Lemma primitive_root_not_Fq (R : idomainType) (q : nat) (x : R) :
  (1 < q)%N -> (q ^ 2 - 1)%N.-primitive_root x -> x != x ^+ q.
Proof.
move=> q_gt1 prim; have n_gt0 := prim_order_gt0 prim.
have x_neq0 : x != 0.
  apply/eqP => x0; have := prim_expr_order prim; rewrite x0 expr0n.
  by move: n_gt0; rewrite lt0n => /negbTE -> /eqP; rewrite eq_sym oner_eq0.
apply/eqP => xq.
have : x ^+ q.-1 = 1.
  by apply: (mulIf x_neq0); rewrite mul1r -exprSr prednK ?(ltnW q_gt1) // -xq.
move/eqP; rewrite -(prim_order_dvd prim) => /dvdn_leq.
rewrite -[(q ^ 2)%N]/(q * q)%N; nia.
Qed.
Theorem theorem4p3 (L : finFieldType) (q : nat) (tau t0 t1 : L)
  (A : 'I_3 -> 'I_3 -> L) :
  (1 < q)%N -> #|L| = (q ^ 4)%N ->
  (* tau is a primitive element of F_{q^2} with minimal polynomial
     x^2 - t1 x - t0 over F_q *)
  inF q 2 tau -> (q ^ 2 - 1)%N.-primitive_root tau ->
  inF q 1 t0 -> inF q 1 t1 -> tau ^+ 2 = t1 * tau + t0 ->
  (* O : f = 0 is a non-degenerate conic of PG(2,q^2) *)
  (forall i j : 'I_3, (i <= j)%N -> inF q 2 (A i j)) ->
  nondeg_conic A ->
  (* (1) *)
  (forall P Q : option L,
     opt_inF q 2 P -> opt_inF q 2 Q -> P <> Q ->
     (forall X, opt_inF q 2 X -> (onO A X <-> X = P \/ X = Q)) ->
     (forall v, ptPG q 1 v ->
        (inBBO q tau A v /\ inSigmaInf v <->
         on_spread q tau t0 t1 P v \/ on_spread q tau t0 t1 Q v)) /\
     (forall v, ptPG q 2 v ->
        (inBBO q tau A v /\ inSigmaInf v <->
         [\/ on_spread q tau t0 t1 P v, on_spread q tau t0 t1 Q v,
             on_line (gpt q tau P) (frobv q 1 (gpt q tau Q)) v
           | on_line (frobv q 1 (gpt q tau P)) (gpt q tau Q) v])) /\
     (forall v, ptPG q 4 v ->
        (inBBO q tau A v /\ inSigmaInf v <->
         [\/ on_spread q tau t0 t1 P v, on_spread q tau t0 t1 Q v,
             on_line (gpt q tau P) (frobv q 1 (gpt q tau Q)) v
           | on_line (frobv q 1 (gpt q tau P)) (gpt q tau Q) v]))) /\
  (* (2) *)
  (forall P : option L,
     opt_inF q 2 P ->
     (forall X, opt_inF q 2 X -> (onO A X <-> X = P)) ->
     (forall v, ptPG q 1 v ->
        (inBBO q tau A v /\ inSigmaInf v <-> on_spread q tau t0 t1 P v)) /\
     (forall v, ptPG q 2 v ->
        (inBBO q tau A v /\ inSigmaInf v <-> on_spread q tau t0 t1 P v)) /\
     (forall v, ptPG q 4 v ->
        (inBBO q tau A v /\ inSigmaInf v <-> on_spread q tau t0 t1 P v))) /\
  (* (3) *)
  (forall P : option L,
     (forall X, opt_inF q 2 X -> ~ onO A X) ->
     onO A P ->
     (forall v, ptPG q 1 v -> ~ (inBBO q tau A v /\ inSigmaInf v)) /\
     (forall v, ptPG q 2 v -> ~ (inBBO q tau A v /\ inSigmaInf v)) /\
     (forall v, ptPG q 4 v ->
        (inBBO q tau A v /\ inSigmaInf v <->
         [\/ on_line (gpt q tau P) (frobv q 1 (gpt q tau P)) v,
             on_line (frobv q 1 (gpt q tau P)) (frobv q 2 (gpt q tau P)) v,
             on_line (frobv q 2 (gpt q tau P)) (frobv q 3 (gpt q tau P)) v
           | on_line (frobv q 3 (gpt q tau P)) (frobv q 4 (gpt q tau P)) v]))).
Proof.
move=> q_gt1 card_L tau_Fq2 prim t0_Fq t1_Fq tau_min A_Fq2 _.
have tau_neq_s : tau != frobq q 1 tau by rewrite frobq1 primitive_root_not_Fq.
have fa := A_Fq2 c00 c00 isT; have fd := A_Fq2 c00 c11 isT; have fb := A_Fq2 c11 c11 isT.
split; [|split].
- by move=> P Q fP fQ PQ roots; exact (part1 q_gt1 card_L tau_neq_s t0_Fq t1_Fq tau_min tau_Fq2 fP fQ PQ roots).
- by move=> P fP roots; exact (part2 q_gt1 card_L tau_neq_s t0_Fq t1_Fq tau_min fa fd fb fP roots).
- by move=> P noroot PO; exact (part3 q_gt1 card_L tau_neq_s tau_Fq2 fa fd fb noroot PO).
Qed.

----------------

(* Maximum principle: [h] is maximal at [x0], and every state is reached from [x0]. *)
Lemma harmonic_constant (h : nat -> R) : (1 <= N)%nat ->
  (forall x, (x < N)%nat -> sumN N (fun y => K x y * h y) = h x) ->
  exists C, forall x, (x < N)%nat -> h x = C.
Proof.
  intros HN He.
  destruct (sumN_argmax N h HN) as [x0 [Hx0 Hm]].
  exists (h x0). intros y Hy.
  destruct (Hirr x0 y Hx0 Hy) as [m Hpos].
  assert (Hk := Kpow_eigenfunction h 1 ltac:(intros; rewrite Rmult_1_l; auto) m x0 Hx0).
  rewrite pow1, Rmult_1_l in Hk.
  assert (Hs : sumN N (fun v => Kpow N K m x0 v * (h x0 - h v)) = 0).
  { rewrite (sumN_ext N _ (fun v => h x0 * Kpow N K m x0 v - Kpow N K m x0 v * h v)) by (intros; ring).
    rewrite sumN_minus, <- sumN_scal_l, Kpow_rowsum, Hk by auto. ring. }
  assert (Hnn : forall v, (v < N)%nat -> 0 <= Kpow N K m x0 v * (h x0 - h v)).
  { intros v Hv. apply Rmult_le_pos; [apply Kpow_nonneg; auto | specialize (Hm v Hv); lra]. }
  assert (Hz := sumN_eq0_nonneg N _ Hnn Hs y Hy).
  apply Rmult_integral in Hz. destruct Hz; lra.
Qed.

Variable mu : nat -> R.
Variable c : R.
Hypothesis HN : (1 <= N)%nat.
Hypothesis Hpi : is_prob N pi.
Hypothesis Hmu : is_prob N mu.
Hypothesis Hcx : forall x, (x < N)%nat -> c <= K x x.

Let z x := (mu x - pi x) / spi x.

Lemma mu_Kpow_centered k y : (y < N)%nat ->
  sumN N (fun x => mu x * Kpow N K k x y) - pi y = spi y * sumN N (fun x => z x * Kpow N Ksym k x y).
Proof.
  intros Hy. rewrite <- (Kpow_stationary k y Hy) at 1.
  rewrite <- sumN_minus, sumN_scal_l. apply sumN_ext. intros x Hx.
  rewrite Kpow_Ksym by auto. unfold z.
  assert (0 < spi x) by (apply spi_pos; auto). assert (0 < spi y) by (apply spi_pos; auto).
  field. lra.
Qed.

----------------

Assigned task: Determine how many lines of the listing above include the word "Hypothesis", then write only that number.

Solved exercise: 4